I think one of the most common mistakes people make when they put in new measures into any business is underestimating the intelligence of the people they are measuring. I saw a strange example of this in the papers a few weeks ago, regarding the refit of trains for Southern Railway. They have decided to not have toilets on the new trains (bizarrely defending their position by saying the 66% of their trains will still have loos – if I’m on a train with a 5 year old who needs a pee – the train either 100% does or 100% does not have a toilet!). This seems like a strange decision, until you look at the justification. They talk about increased capacity (makes sense: more fares for no extra rolling stock or operating costs) but there’s also the reliability measures, a loo that goes wrong can take a train out of service and of course removing the loo means that maintenance and cleaning costs go down. So some pretty sensible measures – fare revenue, capacity, reliability and maintenance costs have resulted in a decision that seems totally nuts.
How does this happen? People are great a playing games. I don’t mean this in a derogatory sense. It’s no accident that people love playing chess, Modern Warfare 2 and the rest.

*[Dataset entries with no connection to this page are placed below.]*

Lemma iint_Rd_lt_pinfty_gauss_dominated d (f : d.-tuple R -> R) (a K : R) :
  0 < a -> (forall b, 0 <= f b) ->
  (forall b, f b <= K * expR (- a * `|tuple_row b| ^+ 2)) ->
  (iint_Rd (fun b => (f b)%:E) < +oo)%E.
Proof.
move=> a0 f0 fK; case: d f f0 fK => [|d] f f0 fK; first exact: ltry.
have K0 : 0 <= K by have := le_trans (f0 [tuple of nseq _ 0]) (fK _); rewrite pmulr_lge0 ?expR_gt0.
pose s := Num.sqrt (d.+1%:R / (2 * a)).
have s0 : 0 < s by rewrite sqrtr_gt0 divr_gt0 ?mulr_gt0.
have s2 : s ^+ 2 *+ 2 = d.+1%:R / a.
  by rewrite sqr_sqrtr ?divr_ge0 ?mulr_ge0 ?ltW //; field; rewrite gt_eqF.
have pk0 : 0 <= K * normal_peak s ^- d.+1.
  by rewrite mulr_ge0 // invr_ge0 exprn_ge0 // normal_peak_ge0.
apply: le_lt_trans (le_iint_Rd (g := fun b => ((K * normal_peak s ^- d.+1) *
    \prod_(k < d.+1) normal_pdf 0 s (tnth b k))%:E) _ _) _.
- by move=> b; rewrite lee_fin.
- move=> b; rewrite lee_fin -mulrA; apply: le_trans (fK b) _.
  by rewrite ler_wpM2l // expR_le_normal_pdf_prod.
- by rewrite iint_Rd_normal_pdf_prod ?gt_eqF // ltry.
Qed.
End IteratedIntegral.

Lemma continuous_bigmax (R : realType) (T : topologicalType) (I : Type) (s : seq I)
    (x0 : R) (F : I -> T -> R) :
  (forall i, continuous (F i)) ->
  continuous (fun x => \big[Num.max/x0]_(i <- s) F i x).
Proof.
move=> Fc; elim: s => [|i s IH].
  by under eq_fun do rewrite big_nil; exact: cst_continuous.
under eq_fun do rewrite big_cons.
by move=> x; apply: continuous_max; [exact: Fc | exact: IH].
Qed.

Lemma continuous_sum (R : realType) (T : topologicalType) (I : Type) (s : seq I)
    (F : I -> T -> R) :
  (forall i, continuous (F i)) -> continuous (fun x => \sum_(i <- s) F i x).
Proof.
move=> Fc; elim: s => [|i s IH].
  by under eq_fun do rewrite big_nil; exact: cst_continuous.
under eq_fun do rewrite big_cons.
by move=> x; apply: continuousD; [exact: Fc | exact: IH].
Qed.

Section UniformNegativeDirection.
Variables (R : realType) (n d : nat) (L : 'I_n -> 'rV[R]_d -> R).
Hypothesis L_cont : forall i, continuous (L i).
Hypothesis L_homo : forall i k u, 0 <= k -> L i (k *: u) = k * L i u.

Lemma uniform_negative_direction : (0 < d)%N ->
  (forall u, u != 0 -> exists i, L i u < 0) ->
  exists2 c : R, 0 < c & forall u, exists i, L i u <= - c * `|u|.
Proof.
move=> d0 Lneg.
pose S := [set u : 'rV[R]_d | `|u| = 1].
pose h u := \big[Num.max/0]_(i < n) - L i u.
have h_cont : continuous h.
  by apply: continuous_bigmax => i u; apply: continuousN; exact: L_cont.
have S0 : S !=set0.
  pose v : 'rV[R]_d := const_mx 1.
  have v0 : v != 0.
    apply/eqP => /matrixP /(_ ord0 (Ordinal d0)); rewrite !mxE => /eqP.
    by rewrite oner_eq0.
  exists (`|v|^-1 *: v); rewrite /S /= normrZ normfV normr_id mulVf //.
  by rewrite normr_eq0.
have Sc : compact S.
  apply: bounded_closed_compact.
    by exists 1; split => // M M1 x; rewrite /S /= => ->; exact: ltW.
  rewrite (_ : S = (fun u : 'rV[R]_d => `|u|) @^-1` [set 1]) //.
  apply: preimage_closed; last exact: closed_eq.
  by move=> u _; exact: norm_continuous.
have [v0 v0S v0min] := EVT_min_rV S0 Sc (continuous_subspaceT h_cont).
have v0_neq0 : v0 != 0.
  apply/eqP => v00; move: v0S; rewrite inE /S /= v00 normr0 => /eqP.
  by rewrite eq_sym oner_eq0.
have [i0 Li0] := Lneg v0 v0_neq0.
have h0 : 0 < h v0 by apply: lt_le_trans (le_bigmax _ _ i0); rewrite oppr_gt0.
exists (h v0) => // u; have [->|u0] := eqVneq u 0.
  exists i0; have := L_homo i0 0 (lexx (0 : R)).
  by rewrite scale0r mul0r normr0 mulr0 => ->.
have nu0 : 0 < `|u| by rewrite normr_gt0.
pose v := `|u|^-1 *: u.
have vS : v \in S by rewrite inE /S /= /v normrZ normfV normr_id mulVf ?gt_eqF.
have /bigmax_geP[|[i _ Hi]] := v0min v vS; first by rewrite leNgt h0.
exists i; have -> : L i u = `|u| * L i v.
  by rewrite /v L_homo ?invr_ge0 ?normr_ge0 // mulrA mulfV ?gt_eqF ?mul1r.
nra.
Qed.
End UniformNegativeDirection.

Lemma powR_le_expR_sqr (R : realType) (x A s p eta : R) :
  0 <= x -> 0 <= A -> 0 <= s -> 0 <= p -> 0 < eta -> x <= A * (1 + s) ->
  x `^ p <= A `^ p * expR (p ^+ 2 / (4 * eta)) * expR (eta * s ^+ 2).
Proof.
move=> x0 A0 s0 p0 eta0 xA.
apply: (@le_trans _ _ ((A * (1 + s)) `^ p)).
  by apply: ge0_ler_powR => //; rewrite nnegrE // mulr_ge0 // addr_ge0.
rewrite powRM ?addr_ge0 // -mulrA ler_wpM2l ?powR_ge0 // -expRD.
rewrite /powR gt_eqF ?ltr_pwDl // ler_expR.
apply: (@le_trans _ _ (p * s)).
  by rewrite ler_wpM2l //; apply: le_ln1Dx; lra.
(* p s <= p^2 / (4 eta) + eta s^2 is AM-GM: eta (s - p / (2 eta))^2 >= 0 *)
have := mulr_ge0 (ltW eta0) (sqr_ge0 (s - p / (2 * eta))).
have -> : eta * (s - p / (2 * eta)) ^+ 2 = eta * s ^+ 2 - p * s + p ^+ 2 / (4 * eta).
  by field; rewrite gt_eqF.
lra.
Qed.

Section Probit.
Variables (R : realType) (n d : nat) (X : 'I_n -> d.-tuple R).

Definition row_dot (x : d.-tuple R) (u : 'rV[R]_d) : R := \sum_(j < d) tnth x j * u ord0 j.

Lemma continuous_row_dot x : continuous (row_dot x).
Proof.
suff : continuous (fun u : 'rV[R]_d => \sum_(j < d) tnth x j * u ord0 j) by [].
apply: continuous_sum => j u.
apply: (@continuousM _ _ (fun=> tnth x j) (fun v : 'rV[R]_d => v ord0 j)).
  exact: cst_continuous.
exact: coord_continuous.
Qed.

Lemma row_dotZ x k u : row_dot x (k *: u) = k * row_dot x u.
Proof. by rewrite /row_dot mulr_sumr; apply: eq_bigr => j _; rewrite mxE mulrCA. Qed.

Lemma row_dot_tuple_row x b : row_dot x (tuple_row b) = dotR x b.
Proof. by apply: eq_bigr => j _; rewrite mxE. Qed.

Lemma probit_lik_ge0 b : 0 <= probit_lik X b.
Proof. by apply: prodr_ge0 => i _; exact: std_Phi_ge0. Qed.

Lemma probit_lik_le_std_Phi i b : probit_lik X b <= std_Phi (dotR (X i) b).
Proof.
rewrite /probit_lik (bigD1 i) //= ler_piMr ?std_Phi_ge0 //.
by apply: prodr_ile1 => k _; rewrite std_Phi_ge0 std_Phi_le1.
Qed.

Lemma le_probit_lik b b' :
  (forall i, dotR (X i) b <= dotR (X i) b') -> probit_lik X b <= probit_lik X b'.
Proof.
move=> bb'; apply: ler_prod => i _.
by rewrite std_Phi_ge0 std_Phi_nondecreasing.
Qed.

Lemma unique_argmax_row_dot_neg :
  (exists! b, forall b', probit_lik X b' <= probit_lik X b) ->
  forall u : 'rV[R]_d, u != 0 -> exists i, row_dot (X i) u < 0.
Proof.
move=> [b [bmax bunique]] u u0; apply: contrapT => /forallNP Lu.
pose b' := [tuple tnth b j + u ord0 j | j < d].
have b'E i : dotR (X i) b' = dotR (X i) b + row_dot (X i) u.
  by rewrite /dotR /row_dot -big_split; apply: eq_bigr => j _; rewrite tnth_mktuple mulrDr.
have b'b : b' = b.
  apply/esym/bunique => b''; apply: le_trans (bmax b'') _.
  by apply: le_probit_lik => i; rewrite b'E lerDl leNgt; apply/negP; exact: Lu.
move/eqP: u0; apply; apply/rowP => j; rewrite mxE.
have /eqP := congr1 (fun t => tnth t j) b'b; rewrite tnth_mktuple.
by rewrite -subr_eq0 addrC addKr => /eqP.
Qed.

Lemma probit_lik_le_gauss : (0 < d)%N ->
  (exists! b, forall b', probit_lik X b' <= probit_lik X b) ->
  exists2 a : R, 0 < a & forall b, probit_lik X b <= 2 * expR (- a * `|tuple_row b| ^+ 2).
Proof.
move=> d0 /unique_argmax_row_dot_neg Lneg.
have [c c0 Lc] := @uniform_negative_direction R n d (fun i => row_dot (X i))
  (fun i => continuous_row_dot (x := X i)) (fun i k u _ => row_dotZ (X i) k u) d0 Lneg.
exists (3/8 * c ^+ 2); first by rewrite mulr_gt0 ?exprn_gt0.
move=> b; have [i] := Lc (tuple_row b); rewrite row_dot_tuple_row.
set t := dotR (X i) b; set r := `|tuple_row b| => tr.
have r0 : 0 <= r by exact: normr_ge0.
have t0 : t <= 0 by nra.
apply: le_trans (probit_lik_le_std_Phi i b) (le_trans (std_Phi_tail t0) _).
rewrite ler_pM2l // ler_expR.
have cr0 : 0 <= c * r by rewrite mulr_ge0 // ltW.
have : c ^+ 2 * r ^+ 2 <= t ^+ 2.
  by rewrite -exprMn -[t ^+ 2]sqrrN ler_sqr ?nnegrE; lra.
lra.
Qed.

People are very, very good at taking a set of rules and making sure they get the outcome that is personally important to them. There’s a whole organisational behaviour dimension to this, and I’m not even going to touch that – but it’s worth thinking about the implied rules that you impose when you start to put measures, KPIs and targets into a business.
It might just be better to look at this as if you were writing the rule book for a new board game.